Notice: Our URL has changed! Please update your bookmarks. Dismiss

Builds

A build is the process of transforming input parameters into a resulting object.

— OpenShift Builds
https://docs.openshift.com/container-platform/3.7/architecture/core_concepts/builds_and_image_streams.html#builds

A build configuration is defined by a BuildConfig object. The parameters are used in conjunction with a strategy to assemble a Docker image which in turn will be run within a container. In most cases, a builder is used to produce the resulting image. The use of a builder depends on the type of build strategy specified

Key Components:

Build Strategy
Build Types
Triggers

Build Strategies

The following build strategies are available in OpenShift V3:

Docker
S2I
Custom Build

Docker Build

One of most popular methods of creating a Docker image is to utilize a Dockerfile. This allows for a new image to be built on top of an existing base image with additional layers created from directives within the Dockerfile

Dockerfile Example

The following example demonstrates how a Dockerfile is used to build an image containing a sample website running Apache https

FROM fedora (1)
MAINTAINER John Doe email: jdoe@redhat.com (2)

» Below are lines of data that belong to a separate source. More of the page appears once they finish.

(* In the setting below, if for some numbers $q_1,\dots,q_I$ one has $N_i^k/N^k\to q_i$ as $k\to\infty$ for every $1\le i\le I$, then $\nu_i^n/n\to q_i$ as $n\to\infty$ for every $1\le i\le I$. In particular, if the $N_i^k$ are random and $N_i^k/N^k\to q_i^*$ almost surely for all $i$, then $\nu_i^n/n\to q_i^*$ almost surely for all $i$.
   Context: Let $I\ge1$, let $0=N^0<N^1<N^2<\cdots$ be integers, and let $N_i^k$ ($1\le i\le I$, $k\ge0$) be nonnegative integers with $N_i^0=0$, $N_i^k\ge N_i^{k-1}$ and $\sum_{i=1}^IN_i^k=N^k$ for all $k$. For $k\ge1$ put $r_i^k=\frac{N_i^k-N_i^{k-1}}{N^k-N^{k-1}}$. Define integers $\nu_i^n$ ($n\ge0$) recursively: $\nu_i^0=0$ for all $i$; for $n\ge1$, with $k$ the unique integer such that $N^{k-1}<n\le N^k$, let $i_n$ be an index maximizing $r_i^k-\frac{\nu_i^{n-1}-N_i^{k-1}}{n-N^{k-1}}$ over $1\le i\le I$ (ties broken by choosing the largest $r_i^k$, and if still tied the largest $i$), and set $\nu_{i_n}^n=\nu_{i_n}^{n-1}+1$, $\nu_i^n=\nu_i^{n-1}$ for $i\ne i_n$. *)

From Stdlib Require Import Reals Arith List.
Open Scope R_scope.

(* Indices i range over 0..I-1 (shift of the paper's 1..I).
   N k = N^k, Ni i k = N_i^k. *)

Fixpoint find_k (N : nat -> nat) (n fuel k : nat) : nat :=
  match fuel with
  | O => k
  | S f => if Nat.leb n (N k) then k else find_k N n f (S k)
  end.

(* For n >= 1 (and N 0 = 0, N strictly increasing) this is the unique k
   with N (k-1) < n <= N k. *)
Definition kof (N : nat -> nat) (n : nat) : nat := find_k N n (S n) 0.

Definition rik (N : nat -> nat) (Ni : nat -> nat -> nat) (i k : nat) : R :=
  (INR (Ni i k) - INR (Ni i (k - 1)%nat)) / (INR (N k) - INR (N (k - 1)%nat)).

(* the quantity maximized at step n, given nu^{n-1} = nuprev *)
Definition score (N : nat -> nat) (Ni : nat -> nat -> nat)
  (nuprev : nat -> nat) (n k i : nat) : R :=
  rik N Ni i k - (INR (nuprev i) - INR (Ni i (k - 1)%nat)) / (INR n - INR (N (k - 1)%nat)).

(* j (processed after best, so j > best) beats best iff its score is larger,
   or equal score and larger r, or both equal (then j has larger index). *)
Definition beats (s r : nat -> R) (j best : nat) : bool :=
  if Rlt_dec (s best) (s j) then true
  else if Req_EM_T (s best) (s j) then
         (if Rlt_dec (r best) (r j) then true
          else if Req_EM_T (r best) (r j) then true else false)
       else false.

Fixpoint argmax (s r : nat -> R) (m : nat) : nat :=
  match m with
  | O => O
  | S m' => let b := argmax s r m' in if beats s r m b then m else b
  end.

Definition chosen (I : nat) (N : nat -> nat) (Ni : nat -> nat -> nat)
  (nuprev : nat -> nat) (n : nat) : nat :=
  let k := kof N n in
  argmax (score N Ni nuprev n k) (fun i => rik N Ni i k) (I - 1).

Fixpoint nu (I : nat) (N : nat -> nat) (Ni : nat -> nat -> nat) (n : nat)
  : nat -> nat :=
  match n with
  | O => fun _ => O
  | S m =>
      let prev := nu I N Ni m in
      let j := chosen I N Ni prev (S m) in
      fun i => if Nat.eqb i j then S (prev i) else prev i
  end.

From Pilot Require Import Defs.
From Stdlib Require Import Reals Arith List Lra Lia.
Open Scope R_scope.

(* Split time into the blocks N^k < n <= N^(k+1).  Within block
   k+1 the target frequencies are r_i = r_i^(k+1), and we follow the deviation
     d_i(n) = nu_i^n - N_i^k - r_i (n - N^k).
   Assuming the block starts on target (nu_i^(N^k) = N_i^k), the scores at step n
   sum to 1 - t/(t+1) > 0 (t = n - 1 - N^k), so the chosen index has positive
   score, i.e. d_j < 1 after incrementing it; all other d_i decrease.  Hence
   d_i < 1 throughout the block.  As the d_i sum to 0, also d_i > -I, so
   |d_i| <= I.  At the block's end d_i < 1 forces nu_i <= N_i^(k+1), and equal
   totals force equality, so every block indeed starts on target.  Finally a
   sequence staying within a bounded distance of the piecewise-linear
   interpolation of the N_i^k has the same limiting frequency. *)

Fixpoint rsum (f : nat -> R) (m : nat) : R :=
  match m with O => 0 | S m' => rsum f m' + f m' end.
Fixpoint nsum (f : nat -> nat) (m : nat) : nat :=
  match m with O => O | S m' => (nsum f m' + f m')%nat end.

Lemma fold_right_add_acc (l : list nat) (a : nat) :
  fold_right Nat.add a l = (a + fold_right Nat.add 0 l)%nat.
Proof. induction l; simpl; lia. Qed.

Lemma fold_right_seq_nsum (f : nat -> nat) (m : nat) :
  fold_right Nat.add 0%nat (map f (seq 0 m)) = nsum f m.
Proof.
  induction m as [|m IH]; [reflexivity|].
  rewrite seq_S, map_app, fold_right_app; simpl.
  rewrite fold_right_add_acc, IH; lia.
Qed.

Lemma rsum_INR (f : nat -> nat) (m : nat) :
  rsum (fun i => INR (f i)) m = INR (nsum f m).
Proof. induction m as [|m IH]; simpl; [reflexivity|]. rewrite plus_INR, IH; reflexivity. Qed.

Lemma rsum_ext (f g : nat -> R) (m : nat) :
  (forall i, (i < m)%nat -> f i = g i) -> rsum f m = rsum g m.
Proof. induction m as [|m IH]; intros h; simpl; [reflexivity|]. rewrite IH, h; auto. Qed.

Lemma rsum_minus (f g : nat -> R) (m : nat) :
  rsum (fun i => f i - g i) m = rsum f m - rsum g m.
Proof. induction m as [|m IH]; simpl; [lra|]. rewrite IH; lra. Qed.

Lemma rsum_mul_r (f : nat -> R) (c : R) (m : nat) :
  rsum (fun i => f i * c) m = rsum f m * c.
Proof. induction m as [|m IH]; simpl; [ring|]. rewrite IH; ring. Qed.

Lemma rsum_le (f g : nat -> R) (m : nat) :
  (forall i, (i < m)%nat -> f i <= g i) -> rsum f m <= rsum g m.
Proof.
  induction m as [|m IH]; intros h; simpl; [lra|].
  assert (rsum f m <= rsum g m) by auto. assert (f m <= g m) by auto. lra.
Qed.

Lemma rsum_const (c : R) (m : nat) : rsum (fun _ => c) m = INR m * c.
Proof. induction m as [|m IH]; simpl rsum; [simpl; ring|]. rewrite IH, S_INR; ring. Qed.

Lemma rsum_pos_max (f : nat -> R) (m j : nat) :
  (forall i, (i < m)%nat -> f i <= f j) -> 0 < rsum f m -> 0 < f j.
Proof.
  intros hmax hpos. destruct (Rlt_le_dec 0 (f j)) as [|hj]; [assumption|].
  assert (rsum f m <= INR m * f j) by (rewrite <- rsum_const; apply rsum_le; auto).
  assert (0 <= INR m) by apply pos_INR. nra.
Qed.

Lemma rsum_le_one_terms (f : nat -> R) (m i : nat) :
  (forall j, (j < m)%nat -> f j <= 1) -> (i < m)%nat -> rsum f m <= f i + (INR m - 1).
Proof.
  induction m as [|m IH]; intros h hi; [lia|]. simpl rsum. rewrite S_INR.
  destruct (Nat.eq_dec i m) as [->|hne].
  - assert (rsum f m <= INR m * 1) by (rewrite <- rsum_const; apply rsum_le; auto). lra.
  - assert (rsum f m <= f i + (INR m - 1)) by (apply IH; auto; lia).
    assert (f m <= 1) by auto. lra.
Qed.

Lemma nsum_ext (f g : nat -> nat) (m : nat) :
  (forall i, (i < m)%nat -> f i = g i) -> nsum f m = nsum g m.
Proof. induction m as [|m IH]; intros h; simpl; [reflexivity|]. rewrite IH, h; auto. Qed.

Lemma nsum_zero (m : nat) : nsum (fun _ => 0%nat) m = 0%nat.
Proof. induction m as [|m IH]; simpl; lia. Qed.

Lemma nsum_incr (g : nat -> nat) (j m : nat) : (j < m)%nat ->
  nsum (fun i => if Nat.eqb i j then S (g i) else g i) m = S (nsum g m).
Proof.
  induction m as [|m IH]; intros hj; [lia|]. simpl nsum.
  destruct (Nat.eq_dec j m) as [->|hne].
  - rewrite Nat.eqb_refl, (nsum_ext _ g); [lia|].
    intros i hi. destruct (Nat.eqb_spec i m); [lia|reflexivity].
  - rewrite IH by lia. destruct (Nat.eqb_spec m j); [lia|]. lia.
Qed.

Lemma nsum_le (f g : nat -> nat) (m : nat) :
  (forall i, (i < m)%nat -> (f i <= g i)%nat) -> (nsum f m <= nsum g m)%nat.
Proof.
  induction m as [|m IH]; intros h; simpl; [lia|].
  assert (nsum f m <= nsum g m)%nat by auto. assert (f m <= g m)%nat by auto. lia.
Qed.

Lemma nsum_le_eq (f g : nat -> nat) (m : nat) :
  (forall i, (i < m)%nat -> (f i <= g i)%nat) -> nsum f m = nsum g m ->
  forall i, (i < m)%nat -> f i = g i.
Proof.
  induction m as [|m IH]; intros h e i hi; [lia|]. simpl in e.
  assert (nsum f m <= nsum g m)%nat by (apply nsum_le; auto).
  assert (f m <= g m)%nat by auto.
  destruct (Nat.eq_dec i m) as [->|hne]; [lia|]. apply IH; auto; lia.
Qed.

Lemma find_k_first (N : nat -> nat) (n k : nat) : forall fuel k0,
  (forall j, (k0 <= j < k)%nat -> (N j < n)%nat) -> (n <= N k)%nat ->
  (k0 <= k <= k0 + fuel)%nat -> find_k N n fuel k0 = k.
Proof.
  induction fuel as [|fuel IH]; intros k0 hbefore hk hrange; simpl; [lia|].
  destruct (Nat.leb_spec n (N k0)) as [hle|hgt].
  - destruct (Nat.eq_dec k0 k) as [|hne]; [assumption|].
    assert (N k0 < n)%nat by (apply hbefore; lia). lia.
  - apply IH; [intros j hj; apply hbefore; lia | assumption |].
    destruct (Nat.eq_dec k0 k) as [->|]; lia.
Qed.

Section Breakpoints.

Variable N : nat -> nat.
Hypothesis N_succ : forall k, (N k < N (S k))%nat.

Lemma N_le (i j : nat) : (i <= j)%nat -> (N i <= N j)%nat.
Proof.
  induction j as [|j IH]; intros h; [replace i with 0%nat by lia; lia|].
  destruct (Nat.eq_dec i (S j)) as [->|]; [lia|].
  specialize (N_succ j). specialize (IH ltac:(lia)). lia.
Qed.

Lemma N_ge_id (k : nat) : (k <= N k)%nat.
Proof. induction k as [|k IH]; [lia|]. specialize (N_succ k). lia. Qed.

Lemma kof_block (k n : nat) : (N k < n <= N (S k))%nat -> kof N n = S k.
Proof.
  intros hn. unfold kof. apply find_k_first; [| lia |].
  - intros j hj. assert (N j <= N k)%nat by (apply N_le; lia). lia.
  - assert (k <= N k)%nat by apply N_ge_id. lia.
Qed.

Hypothesis N_zero : N 0%nat = 0%nat.

Lemma block_of (n : nat) : (1 <= n)%nat -> exists k, (N k < n <= N (S k))%nat.
Proof.
  induction n as [|n IH]; intros hn; [lia|].
  destruct (Nat.eq_dec n 0) as [->|hn0].
  - exists 0%nat. specialize (N_succ 0). lia.
  - destruct (IH ltac:(lia)) as [k hk].
    destruct (Nat.eq_dec n (N (S k))) as [->|].
    + exists (S k). specialize (N_succ (S k)). lia.
    + exists k. lia.
Qed.

End Breakpoints.

Lemma weighted_sum_lt (w1 w2 x1 x2 y1 y2 : R) :
  0 <= w1 -> 0 <= w2 -> 0 < w1 + w2 -> x1 < y1 -> x2 < y2 ->
  w1 * x1 + w2 * x2 < w1 * y1 + w2 * y2.
Proof.
  intros h1 h2 h12 hx1 hx2.
  destruct (Rle_lt_or_eq_dec 0 w1 h1) as [p1|<-]; [|nra].
  assert (w2 * x2 <= w2 * y2) by (apply Rmult_le_compat_l; lra). nra.
Qed.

# Update the image with the latest packages (recommended)
RUN yum update -y; yum clean all (3)

# Install Apache Web Server
RUN yum install -y httpd; yum clean all

# Add the tar file of the web site
ADD mysite.tar /tmp/ (4)

# Docker automatically extracted. So move files to web directory
RUN mv /tmp/mysite/* /var/www/html

EXPOSE 80 (5)

ENTRYPOINT [ "/usr/sbin/httpd" ] (6)
CMD [ "-D", "FOREGROUND" ] (7)

Base image the new image will be built from
The creator
Commands to execute during the image build
Files are added to the image from the host
Associates a port inside the container to enable networking
Set the default application that is used every time a container is created using the image
In this case, it is arguments that are passed to the default application. Without Entrypoint, it is the default command that is run when starting the container

A Docker build in OpenShift is similar to a Docker build in a standalone environment.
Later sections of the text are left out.